Saved data entries
(* Fix a real number $\rho\ge 1$. For each positive integer $m$, let $L=2m+2\rho$ and consider the instance with one sensor at location $0$ with radius $\rho$ and $m$ sensors at locations $2k-1$ ($k=1,\dots,m$) with radius $1$. Let $A_m$ be the minimum cost of a feasible order-preserving solution and $O_m$ the minimum cost of a feasible solution of this instance. Then $A_m/O_m\to\rho$ as $m\to\infty$.
   Context: Barrier coverage problem: an instance consists of a barrier length $L>0$ and $n$ sensors; sensor $i$ has a location $x_i\in\mathbb{R}$ and a radius $r_i>0$. The sensors are indexed so that $x_1\le x_2\le\cdots\le x_n$. A solution is a vector $y\in\mathbb{R}^n$; sensor $i$ at $y_i$ covers $[y_i-r_i,y_i+r_i]$. The solution is feasible if $[0,L]\subseteq\bigcup_i [y_i-r_i,y_i+r_i]$; its cost is $\sum_i|y_i-x_i|$. A set $S$ is active for $y$ if $[0,L]\subseteq\bigcup_{i\in S}[y_i-r_i,y_i+r_i]$. A solution $y$ is order-preserving if it has an active set $S$ such that for all $i,j\in S$ with $i<j$ we have $y_i<y_j$. (In the instance, the ratio of largest to smallest radius is $\rho$.) *)

From Stdlib Require Import Reals Lra.
Open Scope R_scope.

(* General barrier coverage instance with n sensors indexed 0..n-1
   (paper's indices 1..n shifted by one); locations x, radii r, barrier [0,L].
   A solution is y : nat -> R (only indices < n are relevant). *)

Fixpoint rsum (n : nat) (f : nat -> R) : R :=
  match n with
  | O => 0
  | S k => rsum k f + f k
  end.

Definition cost (n : nat) (x y : nat -> R) : R :=
  rsum n (fun i => Rabs (y i - x i)).

Definition active (n : nat) (r : nat -> R) (L : R) (y : nat -> R)
    (S : nat -> Prop) : Prop :=
  (forall i, S i -> (i < n)%nat) /\
  forall p, 0 <= p <= L -> exists i, S i /\ y i - r i <= p <= y i + r i.

Definition feasible (n : nat) (r : nat -> R) (L : R) (y : nat -> R) : Prop :=
  active n r L y (fun i => (i < n)%nat).

Definition order_preserving (n : nat) (r : nat -> R) (L : R) (y : nat -> R)
    : Prop :=
  exists S : nat -> Prop, active n r L y S /\
    forall i j, S i -> S j -> (i < j)%nat -> y i < y j.

Definition is_inf (E : R -> Prop) (c : R) : Prop :=
  (forall z, E z -> c <= z) /\ (forall b, (forall z, E z -> b <= z) -> b <= c).

Definition inst_x (i : nat) : R := if Nat.eqb i 0 then 0 else 2 * INR i - 1.
Definition inst_r (rho : R) (i : nat) : R := if Nat.eqb i 0 then rho else 1.
Definition inst_L (rho : R) (m : nat) : R := 2 * INR m + 2 * rho.

Definition is_min_op_cost (rho : R) (m : nat) (c : R) : Prop :=
  is_inf (fun z => exists y, feasible (S m) (inst_r rho) (inst_L rho m) y /\
            order_preserving (S m) (inst_r rho) (inst_L rho m) y /\
            z = cost (S m) inst_x y) c.

Definition is_min_cost (rho : R) (m : nat) (c : R) : Prop :=
  is_inf (fun z => exists y, feasible (S m) (inst_r rho) (inst_L rho m) y /\
            z = cost (S m) inst_x y) c.

From Stdlib Require Import Reals Lra Lia List Classical.
From Coquelicot Require Import Coquelicot.
Open Scope R_scope.

(* Both minima are linear in m up to a bounded error: 2m <= O_m <= 2m + rho and
   2 rho m <= A_m <= 2 rho m + rho, so A_m / O_m tends to rho.  The upper
   bounds are explicit placements: move the big sensor to the right end of the
   barrier, resp. keep it at rho and shift every unit sensor right by 2 rho
   (which preserves the order).  The lower bounds come from a moment argument:
   if closed intervals cover [0, L], then L^2/2, the integral of p over [0, L],
   is at most the sum over the intervals of the integral of max(p, 0), and a
   sensor at y of radius r contributes at most 2 r max(y, r).  For the unit
   sensors this sums to at most 2 m^2 + 2 D, with D their total displacement.
   In an order-preserving solution either the big sensor is active, and then
   y_0 <= rho (it covers 0 itself, or a unit sensor at y_i <= 1 does and
   y_0 < y_i); or the unit sensors cover [0, L] on their own.  Either way
   D >= 2 rho m. *)

Definition sumR (l : list R) : R := fold_right Rplus 0 l.
Lemma tuple4P m (t : 4.-tuple 'I_m.+1) :
  exists a b c d : 'I_m.+1, t = [tuple a; b; c; d].
Proof.
case: t => [[|a [|b [|c [|d [|]]]]] //= st]; exists a, b, c, d; exact: val_inj.
Qed.

Lemma compositions4 m (a b c d : 'I_m.+1) :
  ([tuple a; b; c; d] \in compositions m) = (a + b + c + d <= m).
Proof. by rewrite inE /= !big_cons big_nil !addnA addn0. Qed.

Lemma comp_rho_realized m t : t \in compositions m ->
  exists y z : {set 'I_(2 * m + 1)}, [/\ #|y| = m, #|z| = m & rho y z = comp_rho t].
Proof.
have [a [b [c [d ->]]]] := tuple4P t; rewrite compositions4 => sum_le.
rewrite /comp_rho /comp_rho_seq /=; set e1 := m - _; set h := d./2.
have d_eq := odd_double_half d; case: ifP => d_odd; rewrite d_odd /= in d_eq.
- have [y [z [cy cz ryz]]] := @realize_venn m (e1 + h) a b (c + h + 1) c (b + h + 1)
     (a + h + 1) e1 ltac:(lia) ltac:(lia).
  exists y, z; split; [rewrite cy; lia | rewrite cz; lia |].
  by rewrite ryz; congr (_, _, _, _); lia.
- have [y [z [cy cz ryz]]] := @realize_venn m e1 (a + h) (b + h) c (c + h) b
     a (e1 + h + 1) ltac:(lia) ltac:(lia).
  exists y, z; split; [rewrite cy; lia | rewrite cz; lia |].
  by rewrite ryz; congr (_, _, _, _); lia.
Qed.

(* Conversely every intersection pattern of two m-subsets is a value of
   comp_rho: e5 is even when m + 2p <= i + j + t and odd otherwise. *)
Lemma comp_rho_onto m (y z : {set 'I_(2 * m + 1)}) : #|y| = m -> #|z| = m ->
  exists2 t, t \in compositions m & rho y z = comp_rho t.
Proof.
move=> cy cz; have := venn_bounds (card_ord _) (card_x0 m) cy cz.
rewrite /rho; set i := #|_ :&: y|; set j := #|_ :&: z|; set t := #|y :&: z|.
set p := #|_ :&: y :&: z| => -[pi pj pt ij [it jt n000]].
case: (leqP (m + 2 * p) (i + j + t)) => hc.
- exists [tuple inord (m + p - j - t); inord (m + p - i - t); inord (m + p - i - j);
                inord (2 * (i + j + t - m - 2 * p))].
    by rewrite compositions4 !inordK; lia.
  rewrite /comp_rho /comp_rho_seq /= !inordK; try lia.
  by case: ifP => d_odd; congr (_, _, _, _); lia.
- exists [tuple inord (i - p); inord (j - p); inord (t - p);
                inord (2 * (m + 2 * p - (i + j + t)) - 1)].
    by rewrite compositions4 !inordK; lia.
  rewrite /comp_rho /comp_rho_seq /= !inordK; try lia.
  by case: ifP => d_odd; congr (_, _, _, _); lia.
Qed.

Lemma comp_rho_inj m : {in compositions m &, injective (@comp_rho m)}.
Proof.
move=> t1 t2; have [a [b [c [d ->]]]] := tuple4P t1.
have [a' [b' [c' [d' ->]]]] := tuple4P t2; rewrite !compositions4 => le1 le2.
rewrite /comp_rho /comp_rho_seq /= => eq_rho.
have [ea eb ec ed] : [/\ a = a' :> nat, b = b' :> nat, c = c' :> nat & d = d' :> nat].
  move: eq_rho; have := odd_double_half d; have := odd_double_half d'.
  by case: (odd d); case: (odd d') => /= hd hd' [e1 e2 e3 e4]; split; lia.
by apply: val_inj => /=; congr [:: _; _; _; _]; apply: val_inj.
Qed.

Lemma IsetP m a b q : q \in Iset m a b <->
  exists y z : {set 'I_(2 * m + 1)}, [/\ #|y| = a, #|z| = b & rho y z = q].
Proof.
rewrite /Iset mem_undup; split.
  case/allpairsP => [[y z] [/= yP zP ->]]; exists y, z.
  by move: yP zP; rewrite !mem_enum !inE => /eqP -> /eqP ->.
move=> [y [z [cy cz <-]]]; apply/allpairsP; exists (y, z) => /=.
by rewrite !mem_enum !inE cy cz !eqxx.
Qed.

Lemma size_Iset_mm m : size (Iset m m m) = 'C(m + 4, 4).
Proof.
rewrite -[m + 4]addnC -card_partial_ord_partitions -/(compositions m) cardE.
rewrite -(size_map (@comp_rho m)); apply/perm_size/uniq_perm.
- exact: undup_uniq.
- by rewrite map_inj_in_uniq ?enum_uniq // => t1 t2; rewrite !mem_enum; apply: comp_rho_inj.
move=> q; apply/idP/mapP => [/IsetP[y [z [cy cz <-]]] | [t]].
  by have [t tc ->] := comp_rho_onto cy cz; exists t; rewrite ?mem_enum.
rewrite mem_enum => /comp_rho_realized[y [z [cy cz ryz]]] ->.
by apply/IsetP; exists y, z.
Qed.

Definition compl_rho m a (q : nat * nat * nat * nat) :=
  let: (i, j, t, p) := q in (i, m - j, a - t, i - p).

Lemma rho_setCr m (y z : {set 'I_(2 * m + 1)}) :
  rho y (~: z) = compl_rho m #|y| (rho y z).
Proof. by rewrite /rho /compl_rho -!setDE !cardsD card_x0. Qed.

Lemma size_Iset_compl m a b b' : b + b' = 2 * m + 1 ->
  size (Iset m a b) = size (Iset m a b').
Proof.
have compl_le c c' : c + c' = 2 * m + 1 -> size (Iset m a c) <= size (Iset m a c').
  move=> cc'; apply: (@size_le_cancel _ _ _ (compl_rho m a) (compl_rho m a)).
  - exact: undup_uniq.
  - move=> _ /IsetP[y [z [cy cz <-]]]; rewrite /rho /compl_rho.
    have := card_x0 m; have: #|x0 m :&: z| <= #|x0 m| by apply/subset_leq_card/subsetIl.
    have: #|y :&: z| <= #|y| by apply/subset_leq_card/subsetIl.
    have: #|x0 m :&: y :&: z| <= #|x0 m :&: y| by apply/subset_leq_card/subsetIl.
    by rewrite cy => *; congr (_, _, _, _); lia.
  - move=> _ /IsetP[y [z [cy cz <-]]]; apply/IsetP; exists y, (~: z).
    by rewrite rho_setCr cy; split=> //; have := cardsC z; rewrite card_ord; lia.
by move=> bb'; apply/eqP; rewrite eqn_leq !compl_le // addnC.
Qed.

Definition swap_rho (q : nat * nat * nat * nat) :=
  let: (i, j, t, p) := q in (j, i, t, p).

Lemma rho_swap m (y z : {set 'I_(2 * m + 1)}) : rho z y = swap_rho (rho y z).
Proof. by rewrite /rho /= -!setIA (setIC z y). Qed.

Lemma size_Iset_swap m a b : size (Iset m a b) = size (Iset m b a).
Proof.
have swap_le c c' : size (Iset m c c') <= size (Iset m c' c).
  apply: (@size_le_cancel _ _ _ swap_rho swap_rho); first exact: undup_uniq.
    by move=> [[[i j] t] p].
  by move=> _ /IsetP[y [z [cy cz <-]]]; apply/IsetP; exists z, y; rewrite rho_swap.
by apply/eqP; rewrite eqn_leq !swap_le.
Qed.

Section Orbits.
Variable m : nat.

(* The complete G-invariant of a pair (y, z) of vertices: |y|, |z| and rho y z. *)
Definition pair_key (yz : X m * X m) : nat * nat * (nat * nat * nat * nat) :=
  (#|val yz.1|, #|val yz.2|, rho (val yz.1) (val yz.2)).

What the task requires: What do the lines above say from the one containing "barrier, resp. keep" down to the one containing "is at most the"? Return them exactly, both end lines included, and only them.

Exercise output:
   barrier, resp. keep it at rho and shift every unit sensor right by 2 rho
   (which preserves the order).  The lower bounds come from a moment argument:
   if closed intervals cover [0, L], then L^2/2, the integral of p over [0, L],
   is at most the sum over the intervals of the integral of max(p, 0), and a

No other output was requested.